Fully feathered baskets are a type of traditional basket, crafted by Indigenous tribes of California. They feature a matted layer of feathers which covers the exterior surface of the basket. They may be adorned with beads and hanging pendants. These baskets represent the artists' culture and their technical and aesthetic virtuosity, and are the subject of worldwide respect.

Fully feathered baskets were made by only an exclusive few Northern California tribes: Pomo, Coast Miwok, Wappo, Patwin, and Lake Miwok. The skills necessary to master such basket making are taught and developed under a long apprenticeship, usually within a family, with one generation passing the knowledge to the next. Although the tribes produce other baskets, the fully feathered baskets are probably best known, due to the colored, iridescent feathers incorporated onto the exterior surfaces.

Sometimes the baskets produced by one tribe were indistinguishable from those made by those of another tribe. Some fully feathered baskets have small, distinguishing features which suggests a specific tribal heritage. Fully feathered baskets were very personal items, often given as a gift and destroyed at the death of the owner. This ritual destruction contributed to the rarity of the baskets.
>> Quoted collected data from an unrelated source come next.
(* Let $0<\tau<1$, $q>0$, and define for $x>0$ $$f(x)=\frac{\big(x^2(1-\tau)-qx+1\big)^2}{x^3},\qquad x_2=\frac{q+\sqrt{q^2-4(1-\tau)}}{2(1-\tau)}.$$ Let $\varepsilon,\varepsilon'>0$ satisfy $1+\varepsilon<1/\varepsilon'$. (i) If $q>2-\tau$ and $x_2<1+\varepsilon$, then $$\inf_{1+\varepsilon<x<1/\varepsilon'}f(x)=f(1+\varepsilon)=\frac{\big((1+\varepsilon)^2(1-\tau)-q(1+\varepsilon)+1\big)^2}{(1+\varepsilon)^3}.$$ (ii) If $q>2+\tau$ and $1/\varepsilon'<x_2$, then $$\inf_{1+\varepsilon<x<1/\varepsilon'}f(x)=f(1/\varepsilon')=\frac{1}{\varepsilon'}\big((1-\tau)-q\varepsilon'+(\varepsilon')^2\big)^2.$$ *)

From HB Require Import structures.
From mathcomp Require Import all_boot all_order all_algebra.
From mathcomp Require Import all_classical all_reals.
Set Implicit Arguments. Unset Strict Implicit. Unset Printing Implicit Defensive.
Import Order.TTheory GRing.Theory Num.Theory.
Local Open Scope ring_scope.

Definition fL4 {R : realType} (tau q x : R) : R :=
  (x ^+ 2 * (1 - tau) - q * x + 1) ^+ 2 / x ^+ 3.

Definition x2L4 {R : realType} (tau q : R) : R :=
  (q + Num.sqrt (q ^+ 2 - 4 * (1 - tau))) / (2 * (1 - tau)).

From HB Require Import structures.
From mathcomp Require Import all_boot all_order all_algebra.
From mathcomp Require Import all_classical all_reals all_analysis.
From mathcomp Require Import ring lra.
Import Order.TTheory GRing.Theory Num.Theory.
Import numFieldNormedType.Exports.
Local Open Scope classical_set_scope.
Local Open Scope ring_scope.

(* Write g(x) = x^2 (1 - tau) - q x + 1, so that f = g^2 / x^3 = k(sqrt x)^2 with
   k(u) = g(u^2) / u^3.  Unlike f, k is nondecreasing on [s0, +oo) as soon as
   s0^2 (s0^2 (1 - tau) + q) >= 3, the numerator of k(u) - k(s) being
   (u - s) ((us)^3 (1 - tau) + q (us)^2 - (u^2 + us + s^2)).
   In (i), x_2 is the larger root of g, so 0 < g(1 + eps) and the monotonicity
   condition holds at s0 = sqrt(1 + eps); hence 0 <= k(sqrt(1 + eps)) <= k(sqrt x).
   In (ii), q > 2 + tau gives monotonicity on [1, +oo) and g(1) < 0, so
   g(1/eps') < 0 and k(sqrt x) <= k(sqrt(1/eps')) <= 0.  Either way f is bounded
   below by its value at an endpoint of the open interval, and continuity at that
   endpoint makes this bound the infimum. *)

Section InfAtClosurePoint.
Context {R : realType}.

Lemma inf_image_eq_at_closure (F : R -> R) (A : set R) (c : R) :
  {for c, continuous F} -> closure A c -> (forall x, A x -> F c <= F x) ->
  inf (F @` A) = F c.
Proof.
move=> Fc Ac Fmin.
have [x [Ax _]] := Ac setT filterT.
have lbFc : lbound (F @` A) (F c) by move=> _ [y Ay <-]; exact: Fmin.
apply/eqP; rewrite eq_le lb_le_inf ?andbT //; last by exists (F x), x.
have FAc : closure (F @` A) (F c).
  move=> B /Fc FB; have [y [Ay By]] := Ac _ FB.
  by exists (F y); split => //; exists y.
have closure_ge_inf : closure (F @` A) `<=` [set y | inf (F @` A) <= y].
  rewrite [X in _ `<=` X](closure_id _).1; last exact: closed_ge.
  by apply: closureS; apply: ge_inf; exists (F c).
exact: closure_ge_inf FAc.
Qed.

Lemma closure_itvoo_left (l r : R) : l < r -> closure `]l, r[%classic l.
Proof.
move=> lr B lB.
have : \forall y \near l^'+, `]l, r[%classic y /\ B y.
  near=> y; split; last by near: y; exact: cvg_within.
  rewrite /= in_itv /=; apply/andP; split; near: y; first exact: nbhs_right_gt.
  exact: nbhs_right_lt.
by move=> /filter_ex [y ?]; exists y.
Unshelve. all: by end_near. Qed.

Lemma closure_itvoo_right (l r : R) : l < r -> closure `]l, r[%classic r.
Proof.
move=> lr B rB.
have : \forall y \near r^'-, `]l, r[%classic y /\ B y.
  near=> y; split; last by near: y; exact: cvg_within.
  rewrite /= in_itv /=; apply/andP; split; near: y; first exact: nbhs_left_gt.
  exact: nbhs_left_lt.
by move=> /filter_ex [y ?]; exists y.
Unshelve. all: by end_near. Qed.

End InfAtClosurePoint.

Section Lemma4p2Function.
Context {R : realType}.
Implicit Types tau q c s u x y : R.

Definition gL4 (tau q x : R) : R := x ^+ 2 * (1 - tau) - q * x + 1.

Lemma fL4_continuous tau q c : c != 0 -> {for c, continuous (fL4 tau q)}.
Proof.
move=> c0; have X2 : {for c, continuous (fun x : R => x ^+ 2)} := @exprn_continuous R 2 c.
have gc : {for c, continuous (gL4 tau q)}.
  apply: continuousD; last exact: cst_continuous.
  apply: continuousB; first by apply: continuousM X2 _; exact: cst_continuous.
  by apply: continuousM; [exact: cst_continuous | exact: cvg_id].
apply: continuousM; first exact: (continuous_comp gc (@exprn_continuous R 2 _)).
by apply: continuousV; [rewrite expf_neq0 | exact: (@exprn_continuous R 3)].
Qed.

Definition kL4 (tau q u : R) : R := gL4 tau q (u ^+ 2) / u ^+ 3.

Lemma fL4_sqrt tau q x : 0 <= x -> fL4 tau q x = kL4 tau q (Num.sqrt x) ^+ 2.
Proof. by move=> x0; rewrite /kL4 expr_div_n -exprM mulnC exprM sqr_sqrtr. Qed.

Lemma kL4_sqrt tau q x : 0 <= x -> kL4 tau q (Num.sqrt x) = gL4 tau q x / Num.sqrt x ^+ 3.
Proof. by move=> x0; rewrite /kL4 sqr_sqrtr. Qed.

Lemma kL4_sub tau q u s : u != 0 -> s != 0 ->
  kL4 tau q u - kL4 tau q s = (u - s) *
    ((u * s) ^+ 3 * (1 - tau) + q * (u * s) ^+ 2 - (u ^+ 2 + u * s + s ^+ 2)) / (u * s) ^+ 3.
Proof. by move=> u0 s0; rewrite /kL4 /gL4; field; rewrite u0 s0. Qed.

Lemma kL4_le {tau q s0 s u} : tau <= 1 -> 0 <= q -> 0 < s0 ->
  3 <= s0 ^+ 2 * (s0 ^+ 2 * (1 - tau) + q) -> s0 <= s -> s <= u ->
  kL4 tau q s <= kL4 tau q u.
Proof.
move=> tau1 q0 s0_gt0 hs0 s0s su.
have s_gt0 : 0 < s by lra.
have u_gt0 : 0 < u by lra.
have s0s2 : s0 ^+ 2 <= u * s by nra.
have hs : 3 <= s ^+ 2 * (u * s * (1 - tau) + q).
  apply: (le_trans hs0); apply: ler_pM; nra.
have hu : 3 * u ^+ 2 <= (u * s) ^+ 2 * (u * s * (1 - tau) + q) by nra.
rewrite -subr_ge0 kL4_sub ?gt_eqF //.
apply: divr_ge0; last by rewrite exprn_ge0 ?mulr_ge0 // ltW.
apply: mulr_ge0; first lra.
nra.
Qed.

Lemma gL4_factor_root tau q y c : gL4 tau q y = 0 ->
  y * gL4 tau q c = (c - y) * (c * y * (1 - tau) - 1).
Proof. by move=> gy; rewrite -[RHS]addr0 -(mulr0 c) -gy /gL4; ring. Qed.

Lemma x2L4_root {tau q} : tau < 1 -> 0 < q -> 4 * (1 - tau) <= q ^+ 2 ->
  [/\ 0 < x2L4 tau q, gL4 tau q (x2L4 tau q) = 0 & 1 <= x2L4 tau q ^+ 2 * (1 - tau)].
Proof.
move=> tau1 q0 disc; have a0 : 0 < 1 - tau by rewrite subr_gt0.
rewrite /gL4 /x2L4; set d := Num.sqrt _.
have d0 : 0 <= d := sqrtr_ge0 _.
have dd : d ^+ 2 = q ^+ 2 - 4 * (1 - tau) by rewrite sqr_sqrtr ?subr_ge0.
set y := (q + d) / _.
have y0 : 0 < y by apply: divr_gt0; lra.
have ey : y * (2 * (1 - tau)) = q + d by rewrite mulfVK ?mulf_neq0 ?gt_eqF.
split=> //; nra.
Qed.

Lemma gL4_gt0_above_root {tau q y c} : gL4 tau q y = 0 -> 0 < y -> 1 <= y ^+ 2 * (1 - tau) ->
  y < c -> 0 < gL4 tau q c /\ 3 <= c * (c * (1 - tau) + q).
Proof.
move=> gy y0 y_large yc.
have a0 : 0 < 1 - tau by nra.
have gc : 0 < gL4 tau q c.
  have cya : 1 < c * y * (1 - tau).
    by apply: le_lt_trans y_large _; rewrite ltr_pM2r // expr2 ltr_pM2r.
  have : 0 < y * gL4 tau q c by rewrite gL4_factor_root // mulr_gt0 // subr_gt0.
  by rewrite pmulr_rgt0.
split=> //; move: gc gy; rewrite /gL4; nra.
Qed.

Lemma gL4_lt0_below_root {tau q y c} : gL4 tau q y = 0 -> 2 - tau < q ->
  1 < c -> c < y -> gL4 tau q c < 0.
Proof.
move=> gy hq c1 cy; have y0 : 0 < y by lra.
have ya : 1 < y * (1 - tau).
  have : y * gL4 tau q 1 < 0 by rewrite pmulr_rlt0 // /gL4; lra.
  by rewrite gL4_factor_root // mul1r nmulr_rlt0; lra.
have cya : 1 < c * y * (1 - tau) by nra.
have : y * gL4 tau q c < 0 by rewrite gL4_factor_root // nmulr_rlt0; lra.
by rewrite pmulr_rlt0.
Qed.

Lemma fL4_min_left tau q c x : tau <= 1 -> 0 <= q -> 0 < c ->
  0 <= gL4 tau q c -> 3 <= c * (c * (1 - tau) + q) -> c <= x ->
  fL4 tau q c <= fL4 tau q x.
Proof.
move=> tau1 q0 c0 gc hc cx.
have sc0 : 0 < Num.sqrt c by rewrite sqrtr_gt0.
rewrite !fL4_sqrt ?(ltW c0) //; last lra.
have kc : 0 <= kL4 tau q (Num.sqrt c).
  by rewrite kL4_sqrt ?(ltW c0) // divr_ge0 // exprn_ge0 // ltW.
have kcx : kL4 tau q (Num.sqrt c) <= kL4 tau q (Num.sqrt x).
  apply: (kL4_le tau1 q0 sc0) => //; first by rewrite sqr_sqrtr // ltW.
  by rewrite ler_sqrt //; lra.
by apply: lerXn2r; rewrite // nnegrE (le_trans kc kcx).
Qed.

Lemma fL4_min_right tau q c x : tau <= 1 -> 0 <= q -> 2 + tau <= q ->
  gL4 tau q c <= 0 -> 1 <= x -> x <= c -> fL4 tau q c <= fL4 tau q x.
Proof.
move=> tau1 q0 hq gc x1 xc.
rewrite !fL4_sqrt; try lra.
have sx1 : 1 <= Num.sqrt x by rewrite -sqrtr1 ler_sqrt //; lra.
have kc : kL4 tau q (Num.sqrt c) <= 0.
  by rewrite kL4_sqrt; [rewrite mulr_le0_ge0 // invr_ge0 exprn_ge0 // sqrtr_ge0 | lra].
have kxc : kL4 tau q (Num.sqrt x) <= kL4 tau q (Num.sqrt c).
  apply: (kL4_le tau1 q0 ltr01) => //; first by rewrite expr1n !mul1r; lra.
  by rewrite ler_sqrt //; lra.
rewrite -sqrrN -[X in _ <= X]sqrrN.
by apply: lerXn2r; rewrite ?lerN2 // nnegrE oppr_ge0 // (le_trans kxc kc).
Qed.

End Lemma4p2Function.

Theorem lemma4p2 (R : realType) (tau q eps eps' : R)
  (htau0 : 0 < tau) (htau1 : tau < 1) (hq : 0 < q)
  (heps : 0 < eps) (heps' : 0 < eps') (hint : 1 + eps < eps'^-1) :
  ((2 - tau < q -> x2L4 tau q < 1 + eps ->
      inf [set fL4 tau q x | x in `](1 + eps), eps'^-1[] = fL4 tau q (1 + eps)
      /\ fL4 tau q (1 + eps) =
         ((1 + eps) ^+ 2 * (1 - tau) - q * (1 + eps) + 1) ^+ 2 / (1 + eps) ^+ 3)
  /\
  (2 + tau < q -> eps'^-1 < x2L4 tau q ->
      inf [set fL4 tau q x | x in `](1 + eps), eps'^-1[] = fL4 tau q eps'^-1
      /\ fL4 tau q eps'^-1 = eps'^-1 * ((1 - tau) - q * eps' + eps' ^+ 2) ^+ 2)).
Proof.
split=> hq2 hx2.
all: have /(x2L4_root htau1 hq) [x2_gt0 gx2 x2_large] : 4 * (1 - tau) <= q ^+ 2 by nra.
- have [gc hc] := gL4_gt0_above_root gx2 x2_gt0 x2_large hx2.
  split=> //; apply: inf_image_eq_at_closure.
  + by apply: fL4_continuous; rewrite gt_eqF //; lra.
  + exact: closure_itvoo_left.
  + move=> x; rewrite /= in_itv /= => /andP[cx _].
    by apply: fL4_min_left; lra.
- have gc : gL4 tau q eps'^-1 < 0 by apply: gL4_lt0_below_root gx2 _ _ hx2; lra.
  split; last by rewrite /fL4; field; rewrite gt_eqF.
  apply: inf_image_eq_at_closure.
  + by apply: fL4_continuous; rewrite gt_eqF // invr_gt0.
  + exact: closure_itvoo_right.
  + move=> x; rewrite /= in_itv /= => /andP[xc cx].
    by apply: fL4_min_right; lra.
Qed.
Additionally, some tribes were subjected to the Spanish Mission process which destroyed much of their culture, including the basketry. An additional threat to baskets which survived into the 20th century was that fully feathered baskets were confiscated by government agents due to laws restricting the possession of certain types of bird feathers.

==Construction==
With some rare exception of men making these baskets, traditionally, women were the creators of fully feathered baskets. Not all weavers would make feathered baskets while others much preferred fully feathered baskets and only made other basket types when feathers were unavailable. Weavers would often adhere to certain rules when making baskets. This served to affirm their place in the world and their responsibility to the plants and each other. For example, weavers would not work on baskets when they were unhappy. Some would fast before gathering and pray when gathering any of the necessary materials. Julia F. Parker said, "We take from the earth and say please. We give back to the earth and say thank you." If their menstruation cycle began while making a basket, some women wove flicker quills into their baskets. Except for this momentary situation, women did not make baskets while experiencing this cycle. Special breaks, called daus, were woven by some basket makers. These breaks served as a portal allowing the basket spirit to inspect the basket.

The baskets were woven with natural plant materials and then feathers were incorporated which matted and covered the entire exterior surface. The plant fibers could commonly include sedge rhizomes (Carex barbare, C. obnupta, and others), and willow shoots (Salix hindsiana, S. laevigata.) Some of the traditionally used native bird feathers and corresponding colors could include bluebird and bluejay, blue; acorn woodpecker head feathers, red; quail topknots, black; oriole, yellow/orange; meadowlark breast feathers, yellow; and mallard head and neck feathers, green. Much later in the basket making history, when laws restricted the use of some feathers, others such as pheasant feathers were used.

The feathered layer which matted the outside of the basket had to be pressed into place. Delvin Holder, son of master basket maker Suzanne Holder (1899–1982), said his mother would first pinch off the feathers at the base so that they unevenly splayed out. After evenly clipping them, she would tie a cloth around the basket and leave it for two or three days after which the feathers would lie flattened around the entire outside surface. One particular basket made by Annie Dick Boone (1889–1960) of the Upper Lake Rancheria incorporated 233, one-quarter inch feathers. These baskets were typically much smaller than burden baskets, measuring less than a few inches across, about the size of an adult hand. Some are small enough to be classified by curators as miniature.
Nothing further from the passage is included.